[What to do] Lines in the records below that contain the word "move" must each be copied.

----- Task input

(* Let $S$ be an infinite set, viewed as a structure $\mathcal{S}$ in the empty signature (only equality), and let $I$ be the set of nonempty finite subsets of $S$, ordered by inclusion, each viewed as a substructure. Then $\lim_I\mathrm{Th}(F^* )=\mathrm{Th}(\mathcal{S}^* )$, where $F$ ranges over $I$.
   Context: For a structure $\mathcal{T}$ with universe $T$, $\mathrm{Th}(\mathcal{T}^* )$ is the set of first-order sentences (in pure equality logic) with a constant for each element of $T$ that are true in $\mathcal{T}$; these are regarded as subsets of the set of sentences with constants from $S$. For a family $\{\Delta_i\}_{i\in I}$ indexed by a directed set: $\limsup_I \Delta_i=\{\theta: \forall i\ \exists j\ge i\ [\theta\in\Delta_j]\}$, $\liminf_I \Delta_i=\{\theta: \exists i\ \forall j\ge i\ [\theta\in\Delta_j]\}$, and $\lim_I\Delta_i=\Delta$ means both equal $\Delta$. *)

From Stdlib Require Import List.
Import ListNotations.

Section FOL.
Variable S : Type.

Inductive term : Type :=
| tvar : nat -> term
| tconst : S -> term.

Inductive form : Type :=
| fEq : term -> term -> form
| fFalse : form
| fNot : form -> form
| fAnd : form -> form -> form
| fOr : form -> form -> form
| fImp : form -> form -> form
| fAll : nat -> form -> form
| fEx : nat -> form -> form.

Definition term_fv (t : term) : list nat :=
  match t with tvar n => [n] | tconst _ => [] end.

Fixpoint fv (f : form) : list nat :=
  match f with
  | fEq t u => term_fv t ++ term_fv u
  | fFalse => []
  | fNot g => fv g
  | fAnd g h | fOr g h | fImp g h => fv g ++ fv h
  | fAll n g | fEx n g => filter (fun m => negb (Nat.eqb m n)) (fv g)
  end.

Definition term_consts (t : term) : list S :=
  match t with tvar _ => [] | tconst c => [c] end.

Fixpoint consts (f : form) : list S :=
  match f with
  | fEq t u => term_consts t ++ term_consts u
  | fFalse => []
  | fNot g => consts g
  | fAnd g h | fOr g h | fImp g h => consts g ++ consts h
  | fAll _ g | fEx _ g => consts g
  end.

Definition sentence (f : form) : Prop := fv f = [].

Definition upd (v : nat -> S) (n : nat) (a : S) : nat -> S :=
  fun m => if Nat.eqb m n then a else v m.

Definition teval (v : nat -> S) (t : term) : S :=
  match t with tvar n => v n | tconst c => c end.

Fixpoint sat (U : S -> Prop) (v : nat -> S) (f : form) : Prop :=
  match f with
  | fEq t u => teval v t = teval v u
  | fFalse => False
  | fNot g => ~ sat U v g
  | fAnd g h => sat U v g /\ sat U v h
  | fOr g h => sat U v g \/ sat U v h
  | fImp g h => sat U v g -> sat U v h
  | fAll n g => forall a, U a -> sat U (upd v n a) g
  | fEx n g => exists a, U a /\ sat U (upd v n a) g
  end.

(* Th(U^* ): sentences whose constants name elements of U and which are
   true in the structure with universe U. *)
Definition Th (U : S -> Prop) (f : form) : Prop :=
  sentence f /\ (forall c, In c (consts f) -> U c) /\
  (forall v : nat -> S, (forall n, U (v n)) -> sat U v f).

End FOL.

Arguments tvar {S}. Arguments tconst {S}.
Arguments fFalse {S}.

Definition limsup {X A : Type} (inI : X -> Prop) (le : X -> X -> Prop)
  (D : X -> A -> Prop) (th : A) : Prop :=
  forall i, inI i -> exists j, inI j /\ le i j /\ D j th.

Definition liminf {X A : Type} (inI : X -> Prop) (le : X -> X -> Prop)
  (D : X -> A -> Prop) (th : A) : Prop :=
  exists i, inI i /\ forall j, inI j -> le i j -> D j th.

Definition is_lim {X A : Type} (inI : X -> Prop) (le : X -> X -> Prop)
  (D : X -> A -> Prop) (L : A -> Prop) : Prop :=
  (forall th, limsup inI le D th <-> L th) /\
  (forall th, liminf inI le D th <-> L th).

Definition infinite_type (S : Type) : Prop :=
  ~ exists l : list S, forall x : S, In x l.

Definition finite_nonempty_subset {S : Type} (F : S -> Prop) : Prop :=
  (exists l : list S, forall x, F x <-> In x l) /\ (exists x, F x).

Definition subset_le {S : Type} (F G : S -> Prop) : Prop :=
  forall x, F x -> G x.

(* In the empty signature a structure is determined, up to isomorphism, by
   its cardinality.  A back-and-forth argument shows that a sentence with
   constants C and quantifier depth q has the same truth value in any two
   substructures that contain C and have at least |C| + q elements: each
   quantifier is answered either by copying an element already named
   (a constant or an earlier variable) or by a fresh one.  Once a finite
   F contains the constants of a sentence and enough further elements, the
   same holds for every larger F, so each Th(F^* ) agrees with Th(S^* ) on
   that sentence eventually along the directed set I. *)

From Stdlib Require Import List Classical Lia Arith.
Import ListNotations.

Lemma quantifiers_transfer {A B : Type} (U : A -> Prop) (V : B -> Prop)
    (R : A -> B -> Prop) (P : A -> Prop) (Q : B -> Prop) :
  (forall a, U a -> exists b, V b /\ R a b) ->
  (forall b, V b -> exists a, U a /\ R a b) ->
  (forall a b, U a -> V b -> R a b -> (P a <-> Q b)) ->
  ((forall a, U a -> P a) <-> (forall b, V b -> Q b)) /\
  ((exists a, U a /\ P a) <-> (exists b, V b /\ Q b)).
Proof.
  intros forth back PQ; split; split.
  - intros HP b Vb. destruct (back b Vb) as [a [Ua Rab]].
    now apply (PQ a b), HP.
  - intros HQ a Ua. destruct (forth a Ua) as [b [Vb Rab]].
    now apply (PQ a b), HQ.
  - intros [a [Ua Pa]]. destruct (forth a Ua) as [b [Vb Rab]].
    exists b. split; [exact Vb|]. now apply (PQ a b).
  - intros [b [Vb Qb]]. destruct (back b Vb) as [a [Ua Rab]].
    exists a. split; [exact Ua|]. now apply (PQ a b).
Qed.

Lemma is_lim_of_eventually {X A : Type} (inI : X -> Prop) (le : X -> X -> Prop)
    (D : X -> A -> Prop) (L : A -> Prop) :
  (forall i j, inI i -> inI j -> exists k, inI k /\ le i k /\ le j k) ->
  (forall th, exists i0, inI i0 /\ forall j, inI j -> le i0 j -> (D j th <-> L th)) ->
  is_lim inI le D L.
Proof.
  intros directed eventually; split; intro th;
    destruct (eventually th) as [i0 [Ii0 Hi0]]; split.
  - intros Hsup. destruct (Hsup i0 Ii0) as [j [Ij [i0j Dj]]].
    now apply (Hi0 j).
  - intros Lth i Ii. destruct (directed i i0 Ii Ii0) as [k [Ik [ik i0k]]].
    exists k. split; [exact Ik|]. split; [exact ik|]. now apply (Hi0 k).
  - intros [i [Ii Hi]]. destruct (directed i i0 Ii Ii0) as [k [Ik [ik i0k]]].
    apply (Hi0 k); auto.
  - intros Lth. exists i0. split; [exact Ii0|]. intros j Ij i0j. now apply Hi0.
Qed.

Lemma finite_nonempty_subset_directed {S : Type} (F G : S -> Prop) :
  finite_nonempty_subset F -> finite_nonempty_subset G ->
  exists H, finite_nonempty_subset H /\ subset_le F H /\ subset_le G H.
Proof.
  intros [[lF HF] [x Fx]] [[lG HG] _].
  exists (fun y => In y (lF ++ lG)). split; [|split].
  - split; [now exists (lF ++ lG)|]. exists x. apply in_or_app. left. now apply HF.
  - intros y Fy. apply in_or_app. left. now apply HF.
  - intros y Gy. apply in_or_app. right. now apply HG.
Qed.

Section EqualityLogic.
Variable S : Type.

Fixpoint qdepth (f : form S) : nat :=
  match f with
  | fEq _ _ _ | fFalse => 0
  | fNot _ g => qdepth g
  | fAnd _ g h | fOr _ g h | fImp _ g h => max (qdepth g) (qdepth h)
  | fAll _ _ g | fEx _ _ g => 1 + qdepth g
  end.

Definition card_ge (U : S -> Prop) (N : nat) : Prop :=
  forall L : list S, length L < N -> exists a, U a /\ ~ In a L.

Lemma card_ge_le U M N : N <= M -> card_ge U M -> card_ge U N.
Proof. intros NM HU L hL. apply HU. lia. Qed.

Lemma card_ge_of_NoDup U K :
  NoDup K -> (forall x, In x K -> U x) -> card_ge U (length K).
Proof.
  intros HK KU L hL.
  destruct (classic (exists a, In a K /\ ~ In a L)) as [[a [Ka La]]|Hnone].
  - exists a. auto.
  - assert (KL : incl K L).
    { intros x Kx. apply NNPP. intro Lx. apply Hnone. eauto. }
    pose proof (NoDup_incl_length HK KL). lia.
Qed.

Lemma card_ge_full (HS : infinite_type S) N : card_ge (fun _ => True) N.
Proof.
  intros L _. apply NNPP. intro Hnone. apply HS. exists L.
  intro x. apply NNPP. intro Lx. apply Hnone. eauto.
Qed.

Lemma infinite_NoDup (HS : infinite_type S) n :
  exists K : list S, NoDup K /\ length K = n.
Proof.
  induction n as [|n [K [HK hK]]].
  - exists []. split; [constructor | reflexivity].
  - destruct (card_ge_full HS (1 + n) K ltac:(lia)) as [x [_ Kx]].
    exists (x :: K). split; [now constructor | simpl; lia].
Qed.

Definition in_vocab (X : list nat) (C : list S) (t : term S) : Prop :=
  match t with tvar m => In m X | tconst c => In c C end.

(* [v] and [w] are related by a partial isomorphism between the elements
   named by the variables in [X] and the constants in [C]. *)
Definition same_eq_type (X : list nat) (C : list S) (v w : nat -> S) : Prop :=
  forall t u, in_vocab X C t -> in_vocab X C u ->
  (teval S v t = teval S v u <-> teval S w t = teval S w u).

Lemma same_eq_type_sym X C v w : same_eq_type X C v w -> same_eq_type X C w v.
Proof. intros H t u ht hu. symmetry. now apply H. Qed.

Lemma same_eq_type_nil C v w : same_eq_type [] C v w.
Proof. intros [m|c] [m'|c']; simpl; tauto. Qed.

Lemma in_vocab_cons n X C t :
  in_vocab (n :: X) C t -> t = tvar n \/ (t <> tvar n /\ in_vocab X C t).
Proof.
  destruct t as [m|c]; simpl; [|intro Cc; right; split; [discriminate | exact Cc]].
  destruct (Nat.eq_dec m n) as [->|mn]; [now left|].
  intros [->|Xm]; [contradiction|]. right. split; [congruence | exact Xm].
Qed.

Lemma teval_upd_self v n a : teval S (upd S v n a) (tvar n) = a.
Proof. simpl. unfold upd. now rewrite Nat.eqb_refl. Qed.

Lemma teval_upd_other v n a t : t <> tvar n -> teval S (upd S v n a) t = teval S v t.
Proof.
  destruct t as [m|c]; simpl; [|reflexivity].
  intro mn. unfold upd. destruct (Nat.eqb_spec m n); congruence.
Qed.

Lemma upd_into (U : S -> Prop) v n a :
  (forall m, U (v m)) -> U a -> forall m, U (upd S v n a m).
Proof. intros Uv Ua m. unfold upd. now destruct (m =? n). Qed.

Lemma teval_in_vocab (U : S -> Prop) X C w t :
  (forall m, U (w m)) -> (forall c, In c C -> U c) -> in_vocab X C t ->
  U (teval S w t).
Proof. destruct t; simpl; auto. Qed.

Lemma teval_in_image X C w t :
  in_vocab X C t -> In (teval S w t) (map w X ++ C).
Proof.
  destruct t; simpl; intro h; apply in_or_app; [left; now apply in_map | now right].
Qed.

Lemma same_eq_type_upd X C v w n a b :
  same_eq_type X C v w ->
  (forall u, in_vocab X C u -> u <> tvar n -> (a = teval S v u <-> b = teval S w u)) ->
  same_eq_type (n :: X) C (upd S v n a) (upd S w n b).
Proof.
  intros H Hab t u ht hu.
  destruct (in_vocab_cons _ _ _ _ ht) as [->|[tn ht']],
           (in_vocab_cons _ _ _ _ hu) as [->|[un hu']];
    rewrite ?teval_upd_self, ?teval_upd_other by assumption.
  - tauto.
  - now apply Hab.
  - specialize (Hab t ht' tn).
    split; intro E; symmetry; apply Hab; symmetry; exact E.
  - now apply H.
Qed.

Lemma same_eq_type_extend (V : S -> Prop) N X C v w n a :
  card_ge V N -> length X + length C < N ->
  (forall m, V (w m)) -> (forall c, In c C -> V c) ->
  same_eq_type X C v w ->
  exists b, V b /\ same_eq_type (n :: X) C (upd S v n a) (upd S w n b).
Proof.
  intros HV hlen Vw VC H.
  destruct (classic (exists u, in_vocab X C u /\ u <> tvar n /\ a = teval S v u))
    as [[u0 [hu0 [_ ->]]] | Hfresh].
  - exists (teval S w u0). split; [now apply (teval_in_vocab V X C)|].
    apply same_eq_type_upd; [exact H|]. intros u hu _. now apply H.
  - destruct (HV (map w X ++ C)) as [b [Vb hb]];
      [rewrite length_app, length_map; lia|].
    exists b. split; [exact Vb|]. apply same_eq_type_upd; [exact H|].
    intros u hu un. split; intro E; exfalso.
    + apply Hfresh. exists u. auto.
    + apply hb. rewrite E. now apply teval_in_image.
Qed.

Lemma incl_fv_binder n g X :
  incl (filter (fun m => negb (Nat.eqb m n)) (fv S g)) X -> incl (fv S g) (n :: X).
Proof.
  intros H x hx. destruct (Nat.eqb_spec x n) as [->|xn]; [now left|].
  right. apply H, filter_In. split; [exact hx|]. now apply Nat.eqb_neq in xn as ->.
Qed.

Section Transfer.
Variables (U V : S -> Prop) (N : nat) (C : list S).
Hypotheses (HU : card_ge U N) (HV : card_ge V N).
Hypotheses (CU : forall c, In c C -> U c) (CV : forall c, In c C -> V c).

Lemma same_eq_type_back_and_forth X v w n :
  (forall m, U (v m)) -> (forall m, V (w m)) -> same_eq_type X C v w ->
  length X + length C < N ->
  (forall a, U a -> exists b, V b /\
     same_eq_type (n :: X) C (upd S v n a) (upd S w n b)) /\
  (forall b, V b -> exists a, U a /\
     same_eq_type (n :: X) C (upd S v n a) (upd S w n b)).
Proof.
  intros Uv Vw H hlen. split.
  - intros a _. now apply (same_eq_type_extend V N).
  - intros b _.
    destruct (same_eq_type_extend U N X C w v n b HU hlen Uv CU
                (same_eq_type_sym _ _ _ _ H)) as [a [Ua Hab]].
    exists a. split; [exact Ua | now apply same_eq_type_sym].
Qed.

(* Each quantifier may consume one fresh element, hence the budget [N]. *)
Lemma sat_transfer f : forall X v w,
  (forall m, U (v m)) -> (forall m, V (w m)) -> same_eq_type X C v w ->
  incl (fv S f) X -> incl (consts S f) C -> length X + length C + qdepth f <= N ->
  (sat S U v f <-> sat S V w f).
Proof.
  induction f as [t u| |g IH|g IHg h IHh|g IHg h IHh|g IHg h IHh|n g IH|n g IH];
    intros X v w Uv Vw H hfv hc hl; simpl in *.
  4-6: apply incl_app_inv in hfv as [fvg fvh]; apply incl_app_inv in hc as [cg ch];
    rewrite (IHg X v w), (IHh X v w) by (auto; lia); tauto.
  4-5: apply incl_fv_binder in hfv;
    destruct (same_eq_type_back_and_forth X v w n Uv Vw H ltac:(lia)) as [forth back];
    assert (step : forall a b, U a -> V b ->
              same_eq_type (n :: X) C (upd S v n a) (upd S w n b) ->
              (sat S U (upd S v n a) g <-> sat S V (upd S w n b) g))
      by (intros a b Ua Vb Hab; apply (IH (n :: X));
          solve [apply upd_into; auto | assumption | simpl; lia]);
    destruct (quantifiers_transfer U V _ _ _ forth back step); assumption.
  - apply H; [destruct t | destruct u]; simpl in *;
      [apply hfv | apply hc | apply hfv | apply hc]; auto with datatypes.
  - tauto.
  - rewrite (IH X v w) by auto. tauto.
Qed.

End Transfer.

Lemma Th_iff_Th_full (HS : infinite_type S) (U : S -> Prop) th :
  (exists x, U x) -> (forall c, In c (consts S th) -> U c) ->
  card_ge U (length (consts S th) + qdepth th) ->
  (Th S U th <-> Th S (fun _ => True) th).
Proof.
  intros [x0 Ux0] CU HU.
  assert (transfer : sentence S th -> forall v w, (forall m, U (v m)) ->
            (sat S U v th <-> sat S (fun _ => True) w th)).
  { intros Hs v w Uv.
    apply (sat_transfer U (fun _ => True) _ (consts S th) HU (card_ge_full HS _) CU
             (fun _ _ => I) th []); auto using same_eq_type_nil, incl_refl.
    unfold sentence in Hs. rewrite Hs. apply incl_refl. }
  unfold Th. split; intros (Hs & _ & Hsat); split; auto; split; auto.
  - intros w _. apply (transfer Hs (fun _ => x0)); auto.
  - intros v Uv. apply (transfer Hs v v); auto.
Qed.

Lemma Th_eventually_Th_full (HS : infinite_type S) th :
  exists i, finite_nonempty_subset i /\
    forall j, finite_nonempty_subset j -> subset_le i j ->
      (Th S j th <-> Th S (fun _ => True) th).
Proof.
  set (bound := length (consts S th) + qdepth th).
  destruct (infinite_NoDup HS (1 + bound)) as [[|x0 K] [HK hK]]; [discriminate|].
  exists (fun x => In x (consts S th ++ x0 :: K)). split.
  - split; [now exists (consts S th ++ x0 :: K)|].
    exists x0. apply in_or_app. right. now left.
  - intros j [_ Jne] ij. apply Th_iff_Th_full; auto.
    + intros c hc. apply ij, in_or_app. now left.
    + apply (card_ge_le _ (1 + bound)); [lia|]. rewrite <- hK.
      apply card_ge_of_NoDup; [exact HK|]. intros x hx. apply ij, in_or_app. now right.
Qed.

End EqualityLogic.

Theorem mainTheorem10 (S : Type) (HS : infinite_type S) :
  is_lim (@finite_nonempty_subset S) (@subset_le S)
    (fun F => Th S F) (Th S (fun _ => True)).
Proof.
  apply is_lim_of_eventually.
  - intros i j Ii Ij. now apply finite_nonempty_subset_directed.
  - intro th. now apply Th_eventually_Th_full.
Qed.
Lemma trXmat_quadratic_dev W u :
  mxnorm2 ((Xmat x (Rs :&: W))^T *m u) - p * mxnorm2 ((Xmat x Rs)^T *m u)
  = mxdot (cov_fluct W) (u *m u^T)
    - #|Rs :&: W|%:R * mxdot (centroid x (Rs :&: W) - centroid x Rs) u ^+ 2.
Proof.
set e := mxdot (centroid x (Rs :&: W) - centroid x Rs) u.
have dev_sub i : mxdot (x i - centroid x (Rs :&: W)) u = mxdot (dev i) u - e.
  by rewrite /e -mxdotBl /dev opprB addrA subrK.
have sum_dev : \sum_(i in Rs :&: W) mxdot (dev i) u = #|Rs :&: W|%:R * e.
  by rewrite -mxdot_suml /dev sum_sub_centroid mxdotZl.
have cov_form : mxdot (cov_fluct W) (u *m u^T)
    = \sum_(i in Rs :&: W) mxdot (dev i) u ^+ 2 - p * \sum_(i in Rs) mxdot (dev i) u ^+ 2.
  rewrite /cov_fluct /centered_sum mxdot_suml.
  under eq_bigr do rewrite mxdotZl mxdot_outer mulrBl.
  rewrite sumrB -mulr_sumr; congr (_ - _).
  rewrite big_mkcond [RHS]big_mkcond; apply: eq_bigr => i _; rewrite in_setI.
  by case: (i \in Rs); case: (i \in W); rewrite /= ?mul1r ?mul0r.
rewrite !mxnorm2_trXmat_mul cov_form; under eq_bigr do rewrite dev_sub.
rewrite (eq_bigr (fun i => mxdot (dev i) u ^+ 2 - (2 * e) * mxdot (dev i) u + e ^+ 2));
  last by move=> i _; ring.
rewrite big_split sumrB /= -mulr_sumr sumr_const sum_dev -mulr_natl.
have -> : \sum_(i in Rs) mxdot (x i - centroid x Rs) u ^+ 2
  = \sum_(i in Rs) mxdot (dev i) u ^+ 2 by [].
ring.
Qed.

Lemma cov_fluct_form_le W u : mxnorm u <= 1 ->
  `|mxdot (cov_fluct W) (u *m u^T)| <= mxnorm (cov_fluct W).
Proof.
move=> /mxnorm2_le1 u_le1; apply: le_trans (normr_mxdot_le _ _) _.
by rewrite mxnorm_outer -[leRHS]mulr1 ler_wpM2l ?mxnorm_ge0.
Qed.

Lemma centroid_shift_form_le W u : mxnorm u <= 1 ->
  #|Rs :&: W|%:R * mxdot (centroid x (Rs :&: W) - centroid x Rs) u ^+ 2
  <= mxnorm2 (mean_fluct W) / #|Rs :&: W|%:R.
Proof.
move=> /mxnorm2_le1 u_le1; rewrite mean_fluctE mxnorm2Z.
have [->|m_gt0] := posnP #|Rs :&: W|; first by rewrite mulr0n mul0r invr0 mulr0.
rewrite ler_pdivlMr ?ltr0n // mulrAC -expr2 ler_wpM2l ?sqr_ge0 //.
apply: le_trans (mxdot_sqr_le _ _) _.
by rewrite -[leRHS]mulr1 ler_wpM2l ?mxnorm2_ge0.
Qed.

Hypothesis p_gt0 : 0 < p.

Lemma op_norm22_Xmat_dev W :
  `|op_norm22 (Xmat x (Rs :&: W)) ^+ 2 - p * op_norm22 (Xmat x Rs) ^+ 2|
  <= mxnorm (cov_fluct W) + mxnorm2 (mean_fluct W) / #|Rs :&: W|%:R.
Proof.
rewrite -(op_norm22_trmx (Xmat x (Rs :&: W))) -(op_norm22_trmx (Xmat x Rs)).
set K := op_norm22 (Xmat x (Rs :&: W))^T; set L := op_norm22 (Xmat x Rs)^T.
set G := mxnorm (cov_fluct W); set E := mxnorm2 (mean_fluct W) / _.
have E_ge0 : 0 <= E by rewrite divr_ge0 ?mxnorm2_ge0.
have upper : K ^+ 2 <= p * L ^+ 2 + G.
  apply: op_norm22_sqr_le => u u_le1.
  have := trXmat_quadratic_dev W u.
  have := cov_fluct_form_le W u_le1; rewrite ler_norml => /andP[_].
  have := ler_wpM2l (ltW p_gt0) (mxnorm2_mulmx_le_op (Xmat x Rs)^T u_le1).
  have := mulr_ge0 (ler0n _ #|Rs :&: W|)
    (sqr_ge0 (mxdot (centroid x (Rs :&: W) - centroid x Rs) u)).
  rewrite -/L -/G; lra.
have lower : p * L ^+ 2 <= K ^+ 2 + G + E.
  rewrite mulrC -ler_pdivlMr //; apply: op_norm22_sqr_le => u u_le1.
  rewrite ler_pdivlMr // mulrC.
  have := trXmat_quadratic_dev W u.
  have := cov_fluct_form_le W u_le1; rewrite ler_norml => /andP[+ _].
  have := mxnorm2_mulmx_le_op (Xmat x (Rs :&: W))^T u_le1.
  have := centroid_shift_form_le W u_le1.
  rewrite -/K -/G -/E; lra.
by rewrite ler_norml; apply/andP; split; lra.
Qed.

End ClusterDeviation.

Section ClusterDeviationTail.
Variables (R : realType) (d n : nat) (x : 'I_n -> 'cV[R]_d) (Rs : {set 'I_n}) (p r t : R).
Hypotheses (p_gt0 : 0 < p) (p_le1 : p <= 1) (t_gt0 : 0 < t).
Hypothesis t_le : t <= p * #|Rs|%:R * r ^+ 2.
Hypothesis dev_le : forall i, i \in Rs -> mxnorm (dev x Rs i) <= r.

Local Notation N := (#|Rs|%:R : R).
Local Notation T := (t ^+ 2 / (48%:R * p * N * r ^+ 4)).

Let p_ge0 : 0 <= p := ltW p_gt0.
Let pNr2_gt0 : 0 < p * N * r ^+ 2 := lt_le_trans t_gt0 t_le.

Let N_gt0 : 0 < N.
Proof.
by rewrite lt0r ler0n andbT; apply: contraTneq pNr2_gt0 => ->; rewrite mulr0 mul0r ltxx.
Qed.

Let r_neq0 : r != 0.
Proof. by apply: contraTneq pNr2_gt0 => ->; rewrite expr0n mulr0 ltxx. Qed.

----------

[Response area]
  last by move=> i _; ring.
move=> /mxnorm2_le1 u_le1; apply: le_trans (normr_mxdot_le _ _) _.
move=> /mxnorm2_le1 u_le1; rewrite mean_fluctE mxnorm2Z.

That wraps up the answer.